● **Work order**
Where a line in the listing below contains the word "replace", copy that line.

#### Supplied data ####

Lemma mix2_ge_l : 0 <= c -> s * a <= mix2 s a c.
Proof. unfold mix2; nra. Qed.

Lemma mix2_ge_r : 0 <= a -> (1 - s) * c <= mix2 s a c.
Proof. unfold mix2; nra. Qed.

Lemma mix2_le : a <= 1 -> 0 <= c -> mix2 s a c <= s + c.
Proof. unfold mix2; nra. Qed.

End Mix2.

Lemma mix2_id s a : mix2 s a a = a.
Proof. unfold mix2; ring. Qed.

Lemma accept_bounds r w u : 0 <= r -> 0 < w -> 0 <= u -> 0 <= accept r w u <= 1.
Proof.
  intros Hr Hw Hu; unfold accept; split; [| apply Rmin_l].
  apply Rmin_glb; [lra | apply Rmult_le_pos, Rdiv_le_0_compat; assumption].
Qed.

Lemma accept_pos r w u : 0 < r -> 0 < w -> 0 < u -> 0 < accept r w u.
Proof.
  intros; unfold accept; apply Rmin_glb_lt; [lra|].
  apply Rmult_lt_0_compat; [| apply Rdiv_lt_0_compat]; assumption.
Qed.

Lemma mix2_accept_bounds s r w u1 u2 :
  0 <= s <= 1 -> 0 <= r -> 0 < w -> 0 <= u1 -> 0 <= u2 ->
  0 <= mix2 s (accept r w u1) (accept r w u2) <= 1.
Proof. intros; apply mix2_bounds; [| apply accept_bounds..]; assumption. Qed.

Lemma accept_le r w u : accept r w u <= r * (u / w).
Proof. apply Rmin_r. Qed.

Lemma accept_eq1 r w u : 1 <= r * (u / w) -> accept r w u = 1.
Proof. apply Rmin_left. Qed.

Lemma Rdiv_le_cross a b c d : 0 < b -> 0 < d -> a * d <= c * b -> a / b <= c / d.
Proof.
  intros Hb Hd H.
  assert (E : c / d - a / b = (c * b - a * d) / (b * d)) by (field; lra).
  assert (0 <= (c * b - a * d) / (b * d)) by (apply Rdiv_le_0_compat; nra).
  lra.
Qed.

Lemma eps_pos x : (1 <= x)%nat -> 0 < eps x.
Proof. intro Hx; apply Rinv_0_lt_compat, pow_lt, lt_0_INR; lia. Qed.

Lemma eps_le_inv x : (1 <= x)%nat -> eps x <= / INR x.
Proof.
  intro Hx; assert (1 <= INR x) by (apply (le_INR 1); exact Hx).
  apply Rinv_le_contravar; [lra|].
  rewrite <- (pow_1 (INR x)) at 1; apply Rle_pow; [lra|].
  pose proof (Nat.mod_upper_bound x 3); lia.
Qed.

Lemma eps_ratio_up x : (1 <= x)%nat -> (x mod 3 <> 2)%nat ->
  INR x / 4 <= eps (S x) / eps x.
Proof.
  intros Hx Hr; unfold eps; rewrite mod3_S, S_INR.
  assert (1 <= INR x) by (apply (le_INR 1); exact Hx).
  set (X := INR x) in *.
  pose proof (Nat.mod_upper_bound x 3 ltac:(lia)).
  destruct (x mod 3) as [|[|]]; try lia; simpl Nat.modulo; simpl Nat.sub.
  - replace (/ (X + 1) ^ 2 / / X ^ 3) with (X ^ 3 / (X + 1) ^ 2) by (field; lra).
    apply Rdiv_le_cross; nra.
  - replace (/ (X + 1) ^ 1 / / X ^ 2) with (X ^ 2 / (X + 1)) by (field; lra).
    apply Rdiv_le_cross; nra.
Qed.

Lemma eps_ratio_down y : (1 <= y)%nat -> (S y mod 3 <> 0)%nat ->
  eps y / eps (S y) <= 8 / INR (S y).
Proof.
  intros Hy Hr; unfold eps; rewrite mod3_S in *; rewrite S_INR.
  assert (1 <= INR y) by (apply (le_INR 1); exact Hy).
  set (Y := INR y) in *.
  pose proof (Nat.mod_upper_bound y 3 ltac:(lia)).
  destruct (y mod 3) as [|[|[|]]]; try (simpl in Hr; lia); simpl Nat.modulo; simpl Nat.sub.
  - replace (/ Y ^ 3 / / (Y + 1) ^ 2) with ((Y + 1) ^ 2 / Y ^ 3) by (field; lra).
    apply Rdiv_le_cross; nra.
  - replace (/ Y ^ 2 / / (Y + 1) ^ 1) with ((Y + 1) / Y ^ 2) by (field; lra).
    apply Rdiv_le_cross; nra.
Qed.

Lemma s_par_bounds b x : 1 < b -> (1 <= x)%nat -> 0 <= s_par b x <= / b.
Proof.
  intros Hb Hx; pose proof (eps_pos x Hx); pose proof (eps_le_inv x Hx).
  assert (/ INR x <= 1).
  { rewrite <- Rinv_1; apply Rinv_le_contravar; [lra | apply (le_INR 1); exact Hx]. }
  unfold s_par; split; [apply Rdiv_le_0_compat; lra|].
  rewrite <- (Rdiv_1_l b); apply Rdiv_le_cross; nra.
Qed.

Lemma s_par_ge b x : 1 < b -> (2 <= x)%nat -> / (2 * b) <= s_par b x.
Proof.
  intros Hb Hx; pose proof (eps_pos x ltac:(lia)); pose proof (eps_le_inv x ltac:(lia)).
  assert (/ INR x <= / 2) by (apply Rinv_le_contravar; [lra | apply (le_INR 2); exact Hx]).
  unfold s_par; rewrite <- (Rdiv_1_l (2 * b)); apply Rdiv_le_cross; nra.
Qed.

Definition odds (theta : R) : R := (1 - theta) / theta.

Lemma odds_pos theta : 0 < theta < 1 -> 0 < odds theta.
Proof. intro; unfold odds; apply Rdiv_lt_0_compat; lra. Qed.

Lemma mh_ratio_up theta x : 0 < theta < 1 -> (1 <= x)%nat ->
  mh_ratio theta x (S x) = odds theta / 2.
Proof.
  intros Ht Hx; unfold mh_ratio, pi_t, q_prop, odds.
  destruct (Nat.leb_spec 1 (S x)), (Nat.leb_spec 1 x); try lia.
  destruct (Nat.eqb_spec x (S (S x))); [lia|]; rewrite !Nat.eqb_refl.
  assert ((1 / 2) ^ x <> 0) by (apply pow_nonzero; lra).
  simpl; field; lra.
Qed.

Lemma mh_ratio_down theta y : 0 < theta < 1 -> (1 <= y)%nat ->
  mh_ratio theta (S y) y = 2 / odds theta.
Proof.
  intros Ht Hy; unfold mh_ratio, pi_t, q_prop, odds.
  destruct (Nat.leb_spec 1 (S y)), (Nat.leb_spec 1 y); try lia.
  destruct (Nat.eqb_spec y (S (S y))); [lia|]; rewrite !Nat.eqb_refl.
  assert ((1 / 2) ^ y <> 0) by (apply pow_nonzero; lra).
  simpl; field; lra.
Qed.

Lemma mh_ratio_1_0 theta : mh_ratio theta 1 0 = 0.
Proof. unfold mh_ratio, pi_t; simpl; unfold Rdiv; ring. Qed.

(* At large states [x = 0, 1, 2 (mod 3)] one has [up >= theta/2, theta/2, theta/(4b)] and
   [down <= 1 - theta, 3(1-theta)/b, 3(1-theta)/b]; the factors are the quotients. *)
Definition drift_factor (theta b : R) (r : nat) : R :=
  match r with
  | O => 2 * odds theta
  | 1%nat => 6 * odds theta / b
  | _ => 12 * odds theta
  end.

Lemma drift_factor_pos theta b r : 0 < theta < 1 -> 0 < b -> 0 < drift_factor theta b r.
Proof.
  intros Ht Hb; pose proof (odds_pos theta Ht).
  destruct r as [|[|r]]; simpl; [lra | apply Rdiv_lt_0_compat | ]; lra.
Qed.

####
#### Supplied data ####

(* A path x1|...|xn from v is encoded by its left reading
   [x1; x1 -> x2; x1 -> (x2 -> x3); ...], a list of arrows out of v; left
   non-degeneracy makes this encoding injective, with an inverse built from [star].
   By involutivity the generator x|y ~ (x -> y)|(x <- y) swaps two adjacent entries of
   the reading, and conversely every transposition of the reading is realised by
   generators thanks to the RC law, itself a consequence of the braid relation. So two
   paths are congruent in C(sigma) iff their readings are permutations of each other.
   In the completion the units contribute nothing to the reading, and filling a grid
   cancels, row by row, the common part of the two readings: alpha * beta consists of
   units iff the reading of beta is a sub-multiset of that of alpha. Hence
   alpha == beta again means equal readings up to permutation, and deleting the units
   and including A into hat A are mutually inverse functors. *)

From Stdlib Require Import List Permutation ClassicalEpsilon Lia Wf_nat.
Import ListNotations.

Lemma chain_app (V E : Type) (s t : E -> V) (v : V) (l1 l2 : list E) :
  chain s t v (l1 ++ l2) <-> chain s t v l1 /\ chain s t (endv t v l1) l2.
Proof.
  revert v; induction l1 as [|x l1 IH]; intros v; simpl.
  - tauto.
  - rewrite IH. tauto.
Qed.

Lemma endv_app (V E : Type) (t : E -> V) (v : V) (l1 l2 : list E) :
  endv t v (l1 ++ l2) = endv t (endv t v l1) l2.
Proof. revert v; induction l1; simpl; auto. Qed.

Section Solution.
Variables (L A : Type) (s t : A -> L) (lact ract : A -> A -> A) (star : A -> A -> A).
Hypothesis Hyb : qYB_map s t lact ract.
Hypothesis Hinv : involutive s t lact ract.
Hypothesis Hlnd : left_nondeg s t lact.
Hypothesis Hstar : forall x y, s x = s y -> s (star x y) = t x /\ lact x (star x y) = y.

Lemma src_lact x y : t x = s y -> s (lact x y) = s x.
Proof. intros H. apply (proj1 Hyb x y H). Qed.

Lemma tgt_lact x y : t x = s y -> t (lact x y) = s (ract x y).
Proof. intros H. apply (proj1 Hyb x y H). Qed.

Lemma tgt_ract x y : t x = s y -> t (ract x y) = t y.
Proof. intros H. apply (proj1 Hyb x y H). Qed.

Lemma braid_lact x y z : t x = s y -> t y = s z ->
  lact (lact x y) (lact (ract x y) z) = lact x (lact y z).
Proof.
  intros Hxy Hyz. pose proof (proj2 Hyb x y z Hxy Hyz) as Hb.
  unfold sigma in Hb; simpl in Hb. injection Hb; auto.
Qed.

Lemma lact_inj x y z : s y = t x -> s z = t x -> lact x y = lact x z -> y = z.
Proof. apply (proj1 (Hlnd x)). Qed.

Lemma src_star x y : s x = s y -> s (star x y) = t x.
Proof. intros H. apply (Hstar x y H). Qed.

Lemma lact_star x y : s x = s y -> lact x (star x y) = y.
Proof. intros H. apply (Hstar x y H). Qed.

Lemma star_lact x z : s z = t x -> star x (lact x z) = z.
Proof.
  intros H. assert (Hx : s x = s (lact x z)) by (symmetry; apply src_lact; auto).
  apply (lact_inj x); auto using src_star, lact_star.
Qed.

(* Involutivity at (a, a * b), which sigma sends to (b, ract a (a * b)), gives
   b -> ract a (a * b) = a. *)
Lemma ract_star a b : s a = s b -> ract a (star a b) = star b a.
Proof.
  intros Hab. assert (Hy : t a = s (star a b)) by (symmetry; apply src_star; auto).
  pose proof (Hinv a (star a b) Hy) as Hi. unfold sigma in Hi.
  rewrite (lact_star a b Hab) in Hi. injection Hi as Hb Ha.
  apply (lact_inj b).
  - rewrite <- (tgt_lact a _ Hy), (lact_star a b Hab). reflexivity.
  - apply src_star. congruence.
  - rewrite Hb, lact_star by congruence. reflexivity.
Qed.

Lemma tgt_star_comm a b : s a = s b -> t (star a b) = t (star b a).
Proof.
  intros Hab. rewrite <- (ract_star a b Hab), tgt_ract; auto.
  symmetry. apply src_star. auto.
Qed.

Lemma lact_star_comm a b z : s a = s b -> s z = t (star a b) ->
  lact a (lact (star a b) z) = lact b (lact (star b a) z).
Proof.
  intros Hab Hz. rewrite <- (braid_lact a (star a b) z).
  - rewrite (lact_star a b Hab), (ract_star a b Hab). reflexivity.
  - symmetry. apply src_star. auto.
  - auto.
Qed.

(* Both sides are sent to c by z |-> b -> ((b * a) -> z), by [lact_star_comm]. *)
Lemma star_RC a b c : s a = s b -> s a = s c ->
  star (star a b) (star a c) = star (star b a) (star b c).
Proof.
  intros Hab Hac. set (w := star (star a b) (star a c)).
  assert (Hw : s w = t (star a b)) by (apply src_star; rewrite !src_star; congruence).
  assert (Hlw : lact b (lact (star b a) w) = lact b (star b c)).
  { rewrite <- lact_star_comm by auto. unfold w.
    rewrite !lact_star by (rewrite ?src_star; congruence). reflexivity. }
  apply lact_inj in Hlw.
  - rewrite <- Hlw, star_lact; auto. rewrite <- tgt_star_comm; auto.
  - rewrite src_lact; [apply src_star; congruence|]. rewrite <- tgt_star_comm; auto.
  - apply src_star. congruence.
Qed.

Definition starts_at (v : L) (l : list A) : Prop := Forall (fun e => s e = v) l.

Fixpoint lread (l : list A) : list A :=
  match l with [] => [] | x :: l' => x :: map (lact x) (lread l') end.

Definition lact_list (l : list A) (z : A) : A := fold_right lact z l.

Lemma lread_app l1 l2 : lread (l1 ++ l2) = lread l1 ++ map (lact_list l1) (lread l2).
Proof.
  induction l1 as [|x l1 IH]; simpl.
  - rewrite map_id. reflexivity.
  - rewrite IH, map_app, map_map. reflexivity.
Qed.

####

● **Task result**
  - replace (/ (X + 1) ^ 2 / / X ^ 3) with (X ^ 3 / (X + 1) ^ 2) by (field; lra).
  - replace (/ (X + 1) ^ 1 / / X ^ 2) with (X ^ 2 / (X + 1)) by (field; lra).
  - replace (/ Y ^ 3 / / (Y + 1) ^ 2) with ((Y + 1) ^ 2 / Y ^ 3) by (field; lra).
  - replace (/ Y ^ 2 / / (Y + 1) ^ 1) with ((Y + 1) / Y ^ 2) by (field; lra).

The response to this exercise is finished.